-- Opening Marker --
(* For $k\in\mathbb{N}$ let $B(k)=\dfrac{2}{3}\cdot\dfrac{k-1}{(2k+1)!}$. (i) For every $x\in(0,\pi/2)$ and every $n\in\mathbb{N}$, $$\sum_{k=2}^{2n}(-1)^{k+1}B(k)\,x^{2k}<\frac{\sin x}{x}-\frac{\cos x+2}{3}<\sum_{k=2}^{2n+1}(-1)^{k+1}B(k)\,x^{2k}.$$ (ii) For every $x\in(0,\pi/2)$ and every $m\in\mathbb{N}$, $$\Big|\frac{\sin x}{x}-\frac{\cos x+2}{3}-\sum_{k=2}^{m}(-1)^{k+1}B(k)\,x^{2k}\Big|<B(m+1)\,x^{2m+2},$$ where the sum is empty (equal to $0$) when $m=1$.
   Context: $\mathbb{N}=\{1,2,3,\dots\}$. *)

From Stdlib Require Import Reals Arith Factorial.
Open Scope R_scope.

Definition B (k : nat) : R := 2 / 3 * (INR k - 1) / INR (fact (2 * k + 1)).

Definition term (x : R) (k : nat) : R := (-1) ^ (k + 1) * B k * x ^ (2 * k).

Fixpoint Ssum (x : R) (N : nat) : R :=
  match N with
  | O => 0
  | Datatypes.S N' => if Nat.leb 2 N then Ssum x N' + term x N else 0
  end.

From Stdlib Require Import Reals Lra Lia Psatz.
Open Scope R_scope.

(* Comparing the power series of sin x / x and cos x, the coefficient of x^(2k) in
   sin x / x - (cos x + 2) / 3 is (-1)^k (1/(2k+1)! - 1/(3 (2k)!)) = (-1)^(k+1) B(k),
   and the constant and quadratic coefficients vanish.  For 0 < x < 2 the magnitudes
   B(k) x^(2k), k >= 2, decrease strictly, so by Leibniz's estimate every remainder of
   this alternating series has the sign of its first omitted term and a strictly
   smaller absolute value. *)

Lemma Un_cv_const (c : R) : Un_cv (fun _ => c) c.
Proof.
  intros eps Heps; exists O; intros n _.
  unfold R_dist; rewrite Rminus_diag, Rabs_R0; exact Heps.
Qed.

Lemma Un_cv_series_terms_0 (u : nat -> R) (l : R) :
  Un_cv (sum_f_R0 u) l -> Un_cv u 0.
Proof.
  intros Hcv eps Heps.
  destruct (Hcv (eps / 2)) as [N HN]; [lra|].
  exists (S N); intros [|n] Hn; [lia|].
  assert (Hnext := HN (S n) ltac:(lia)); assert (Hcur := HN n ltac:(lia)).
  unfold R_dist in *; simpl in Hnext.
  apply Rabs_def2 in Hnext; apply Rabs_def2 in Hcur.
  apply Rabs_def1; lra.
Qed.

Lemma neg1_pow_sqr (n : nat) : (-1) ^ n * (-1) ^ n = 1.
Proof. rewrite <- Rpow_mult_distr; replace (-1 * -1) with 1 by ring; apply pow1. Qed.

Section AlternatingRemainder.

Variables (b : nat -> R) (l : R) (m : nat).
Hypothesis b_decr : forall k, (m < k)%nat -> b (S k) < b k.
Hypothesis alt_cv : Un_cv (sum_f_R0 (tg_alt b)) l.

Let tail (j : nat) : R := b (S m + j).

Lemma alt_tail_sum (N : nat) :
  sum_f_R0 (tg_alt tail) N =
  (-1) ^ S m * (sum_f_R0 (tg_alt b) (S m + N) - sum_f_R0 (tg_alt b) m).
Proof.
  rewrite (tech2 _ m (S m + N)) by lia.
  replace (S m + N - S m)%nat with N by lia.
  rewrite Rplus_comm; unfold Rminus; rewrite Rplus_assoc, Rplus_opp_r, Rplus_0_r.
  rewrite scal_sum; apply sum_eq; intros i _.
  unfold tg_alt, tail; rewrite pow_add.
  transitivity ((-1) ^ i * b (S m + i) * ((-1) ^ S m * (-1) ^ S m)).
  - rewrite neg1_pow_sqr; ring.
  - ring.
Qed.

Lemma alt_tail_cv :
  Un_cv (sum_f_R0 (tg_alt tail)) ((-1) ^ S m * (l - sum_f_R0 (tg_alt b) m)).
Proof.
  intros eps Heps; destruct (alt_cv eps Heps) as [N HN].
  exists N; intros n Hn; unfold R_dist.
  rewrite alt_tail_sum, <- Rmult_minus_distr_l, Rabs_mult, pow_1_abs, Rmult_1_l.
  replace (_ - _ - _) with (sum_f_R0 (tg_alt b) (S m + n) - l) by ring.
  apply HN; lia.
Qed.

Lemma alternating_remainder_bounds :
  0 < (-1) ^ S m * (l - sum_f_R0 (tg_alt b) m) < b (S m).
Proof.
  assert (tail_decr : forall j, tail (S j) < tail j).
  { intro j; unfold tail; rewrite <- plus_n_Sm; apply b_decr; lia. }
  assert (tail_cv0 : Un_cv tail 0).
  { intros eps Heps.
    destruct (Un_cv_series_terms_0 _ _ alt_tail_cv eps Heps) as [N HN].
    exists N; intros n Hn; specialize (HN n Hn); unfold R_dist, tg_alt in *.
    rewrite !Rminus_0_r, Rabs_mult, pow_1_abs, Rmult_1_l in HN.
    rewrite Rminus_0_r; exact HN. }
  (* Leibniz's bounds for N = 1 put the remainder between t0 - t1 + t2 - t3 and
     t0 - t1 + t2; strict decrease makes these strictly between 0 and t0. *)
  destruct (alternated_series_ineq tail _ 1 (fun j => Rlt_le _ _ (tail_decr j))
              tail_cv0 alt_tail_cv) as [lower upper].
  assert (tail0 : tail O = b (S m)) by (unfold tail; f_equal; lia).
  assert (d0 := tail_decr O); assert (d1 := tail_decr 1%nat); assert (d2 := tail_decr 2%nat).
  unfold tg_alt in *; simpl in *.
  split; lra.
Qed.

End AlternatingRemainder.

Definition Bterm (x : R) (k : nat) : R := B k * x ^ (2 * k).

Lemma B_succ_mul (k : nat) :
  B (S k) * ((INR k - 1) * (2 * INR k + 2) * (2 * INR k + 3)) = INR k * B k.
Proof.
  unfold B.
  replace (2 * S k + 1)%nat with (S (S (2 * k + 1))) by lia.
  rewrite !fact_simpl, !mult_INR, !S_INR, plus_INR, mult_INR; simpl (INR 2); simpl (INR 1).
  assert (Hfact := INR_fact_neq_0 (2 * k + 1)); assert (Hk := pos_INR k).
  field; split; [exact Hfact | lra].
Qed.

Lemma Bterm_decreasing (x : R) (k : nat) :
  0 < x < 2 -> (2 <= k)%nat -> Bterm x (S k) < Bterm x k.
Proof.
  intros Hx Hk.
  assert (Hk2 : 2 <= INR k) by (apply (le_INR 2); exact Hk).
  assert (Bk_pos : 0 < B k).
  { unfold B; apply Rdiv_lt_0_compat; [lra | apply INR_fact_lt_0]. }
  assert (Hpow : 0 < x ^ (2 * k)) by (apply pow_lt; lra).
  set (D := (INR k - 1) * (2 * INR k + 2) * (2 * INR k + 3)).
  assert (D_big : INR k * 4 < D) by (unfold D; nra).
  assert (Hsucc := B_succ_mul k); fold D in Hsucc.
  unfold Bterm; replace (2 * S k)%nat with (2 * k + 2)%nat by lia.
  rewrite pow_add.
  apply Rmult_lt_reg_r with D; [lra|].
  replace (B (S k) * (x ^ (2 * k) * x ^ 2) * D)
    with (INR k * x ^ 2 * (B k * x ^ (2 * k)))
    by (transitivity (INR k * B k * x ^ (2 * k) * x ^ 2); [ring | rewrite <- Hsucc; ring]).
  assert (Hx2 : INR k * x ^ 2 < D).
  { assert (x ^ 2 < 4) by (simpl; nra). nra. }
  rewrite (Rmult_comm (B k * x ^ (2 * k)) D).
  apply Rmult_lt_compat_r; [apply Rmult_lt_0_compat|]; assumption.
Qed.

Lemma B_sin_cos_coef (k : nat) : (-1) ^ S k * B k = sin_n k - / 3 * cos_n k.
Proof.
  unfold B, sin_n, cos_n.
  replace (2 * k + 1)%nat with (S (2 * k)) by lia.
  rewrite fact_simpl, mult_INR, S_INR, mult_INR; simpl (INR 2); simpl pow.
  assert (Hfact := INR_fact_neq_0 (2 * k)); assert (Hk := pos_INR k).
  field; split; [exact Hfact | lra].
Qed.

(* The k-th term (-1)^k B(k+1) x^(2k+2) is the paper's term of index k + 1; the k = 0
   term vanishes because B 1 = 0. *)
Lemma Ssum_succ_alt (x : R) (n : nat) :
  Ssum x (S n) = sum_f_R0 (tg_alt (fun k => Bterm x (S k))) n.
Proof.
  induction n as [|n IHn].
  - unfold tg_alt, Bterm, B; simpl; field.
  - change (Ssum x (S (S n))) with (Ssum x (S n) + term x (S (S n))).
    rewrite IHn; simpl sum_f_R0; f_equal.
    unfold term, tg_alt, Bterm; replace (S (S n) + 1)%nat with (S (S (S n))) by lia.
    simpl pow; ring.
Qed.

Lemma tg_alt_Bterm (x : R) (k : nat) :
  tg_alt (fun j => Bterm x (S j)) k = (sin_n (S k) - / 3 * cos_n (S k)) * (x * x) ^ S k.
Proof.
  unfold tg_alt, Bterm; rewrite <- B_sin_cos_coef, pow_mult.
  replace ((x ^ 2) ^ S k) with ((x * x) ^ S k) by (f_equal; ring).
  simpl pow; ring.
Qed.

Lemma alt_Bterm_partial_sum (x : R) (n : nat) :
  sum_f_R0 (tg_alt (fun k => Bterm x (S k))) n =
  sum_f_R0 (fun i => sin_n i * (x * x) ^ i) (S n) -
  (sum_f_R0 (fun i => cos_n i * (x * x) ^ i) (S n) + 2) / 3.
Proof.
  induction n as [|n IHn].
  - simpl sum_f_R0; rewrite tg_alt_Bterm; unfold sin_n, cos_n; simpl; field.
  - change (sum_f_R0 (tg_alt (fun k => Bterm x (S k))) (S n))
      with (sum_f_R0 (tg_alt (fun k => Bterm x (S k))) n + tg_alt (fun k => Bterm x (S k)) (S n)).
    rewrite IHn, tg_alt_Bterm; cbn [sum_f_R0]; lra.
Qed.

Lemma sinc_cos_series (x : R) : x <> 0 ->
  Un_cv (sum_f_R0 (tg_alt (fun k => Bterm x (S k)))) (sin x / x - (cos x + 2) / 3).
Proof.
  intro Hx.
  assert (sin_cv : Un_cv (sum_f_R0 (fun i => sin_n i * (x * x) ^ i)) (sin x / x)).
  { unfold sin; destruct (exist_sin (Rsqr x)) as [s Hs].
    replace (x * s / x) with s by (field; exact Hx); exact Hs. }
  assert (cos_cv : Un_cv (sum_f_R0 (fun i => cos_n i * (x * x) ^ i)) (cos x)).
  { unfold cos; destruct (exist_cos (Rsqr x)) as [c Hc]; exact Hc. }
  assert (Hcv := CV_minus _ _ _ _ sin_cv
                   (CV_mult _ _ _ _ (CV_plus _ _ _ _ cos_cv (Un_cv_const 2)) (Un_cv_const (/ 3)))).
  apply CV_shift' with (k := 1%nat) in Hcv.
  refine (Un_cv_ext _ _ _ _ Hcv); intro n.
  rewrite alt_Bterm_partial_sum, Nat.add_1_r; reflexivity.
Qed.

Lemma sinc_cos_remainder (x : R) (m : nat) : 0 < x < 2 -> (1 <= m)%nat ->
  0 < (-1) ^ m * (sin x / x - (cos x + 2) / 3 - Ssum x m) < B (m + 1) * x ^ (2 * m + 2).
Proof.
  intros Hx Hm; destruct m as [|n]; [lia|].
  rewrite Ssum_succ_alt.
  replace (B (S n + 1) * x ^ (2 * S n + 2)) with (Bterm x (S (S n)))
    by (unfold Bterm; f_equal; [f_equal | f_equal]; lia).
  apply (alternating_remainder_bounds (fun k => Bterm x (S k))).
  - intros k Hk; apply Bterm_decreasing; [exact Hx | lia].
  - apply sinc_cos_series; lra.
Qed.

Theorem theorem2 :
  (forall (x : R) (n : nat), 0 < x < PI / 2 -> (1 <= n)%nat ->
     Ssum x (2 * n) < sin x / x - (cos x + 2) / 3 < Ssum x (2 * n + 1)) /\
  (forall (x : R) (m : nat), 0 < x < PI / 2 -> (1 <= m)%nat ->
     Rabs (sin x / x - (cos x + 2) / 3 - Ssum x m) < B (m + 1) * x ^ (2 * m + 2)).
Proof.
  assert (x_lt_2 : forall x, 0 < x < PI / 2 -> 0 < x < 2) by (intros x Hx; pose proof PI_4; lra).
  split.
  - intros x n Hx Hn.
    destruct (sinc_cos_remainder x (2 * n) (x_lt_2 x Hx) ltac:(lia)) as [even _].
    destruct (sinc_cos_remainder x (2 * n + 1) (x_lt_2 x Hx) ltac:(lia)) as [odd _].
    rewrite Nat.add_1_r in odd |- *; rewrite pow_1_even in even; rewrite pow_1_odd in odd.
    lra.
  - intros x m Hx Hm.
    destruct (sinc_cos_remainder x m (x_lt_2 x Hx) Hm) as [pos bound].
    rewrite <- (Rmult_1_l (Rabs _)), <- (pow_1_abs m), <- Rabs_mult, Rabs_right by lra.
    exact bound.
Qed.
-- Closing Marker --
Write out exactly the lines from the beginning of the material above through the line with "assert (Hnext := HN", including both and omitting all others.

(* For $k\in\mathbb{N}$ let $B(k)=\dfrac{2}{3}\cdot\dfrac{k-1}{(2k+1)!}$. (i) For every $x\in(0,\pi/2)$ and every $n\in\mathbb{N}$, $$\sum_{k=2}^{2n}(-1)^{k+1}B(k)\,x^{2k}<\frac{\sin x}{x}-\frac{\cos x+2}{3}<\sum_{k=2}^{2n+1}(-1)^{k+1}B(k)\,x^{2k}.$$ (ii) For every $x\in(0,\pi/2)$ and every $m\in\mathbb{N}$, $$\Big|\frac{\sin x}{x}-\frac{\cos x+2}{3}-\sum_{k=2}^{m}(-1)^{k+1}B(k)\,x^{2k}\Big|<B(m+1)\,x^{2m+2},$$ where the sum is empty (equal to $0$) when $m=1$.
   Context: $\mathbb{N}=\{1,2,3,\dots\}$. *)

From Stdlib Require Import Reals Arith Factorial.
Open Scope R_scope.

Definition B (k : nat) : R := 2 / 3 * (INR k - 1) / INR (fact (2 * k + 1)).

Definition term (x : R) (k : nat) : R := (-1) ^ (k + 1) * B k * x ^ (2 * k).

Fixpoint Ssum (x : R) (N : nat) : R :=
  match N with
  | O => 0
  | Datatypes.S N' => if Nat.leb 2 N then Ssum x N' + term x N else 0
  end.

From Stdlib Require Import Reals Lra Lia Psatz.
Open Scope R_scope.

(* Comparing the power series of sin x / x and cos x, the coefficient of x^(2k) in
   sin x / x - (cos x + 2) / 3 is (-1)^k (1/(2k+1)! - 1/(3 (2k)!)) = (-1)^(k+1) B(k),
   and the constant and quadratic coefficients vanish.  For 0 < x < 2 the magnitudes
   B(k) x^(2k), k >= 2, decrease strictly, so by Leibniz's estimate every remainder of
   this alternating series has the sign of its first omitted term and a strictly
   smaller absolute value. *)

Lemma Un_cv_const (c : R) : Un_cv (fun _ => c) c.
Proof.
  intros eps Heps; exists O; intros n _.
  unfold R_dist; rewrite Rminus_diag, Rabs_R0; exact Heps.
Qed.

Lemma Un_cv_series_terms_0 (u : nat -> R) (l : R) :
  Un_cv (sum_f_R0 u) l -> Un_cv u 0.
Proof.
  intros Hcv eps Heps.
  destruct (Hcv (eps / 2)) as [N HN]; [lra|].
  exists (S N); intros [|n] Hn; [lia|].
  assert (Hnext := HN (S n) ltac:(lia)); assert (Hcur := HN n ltac:(lia)).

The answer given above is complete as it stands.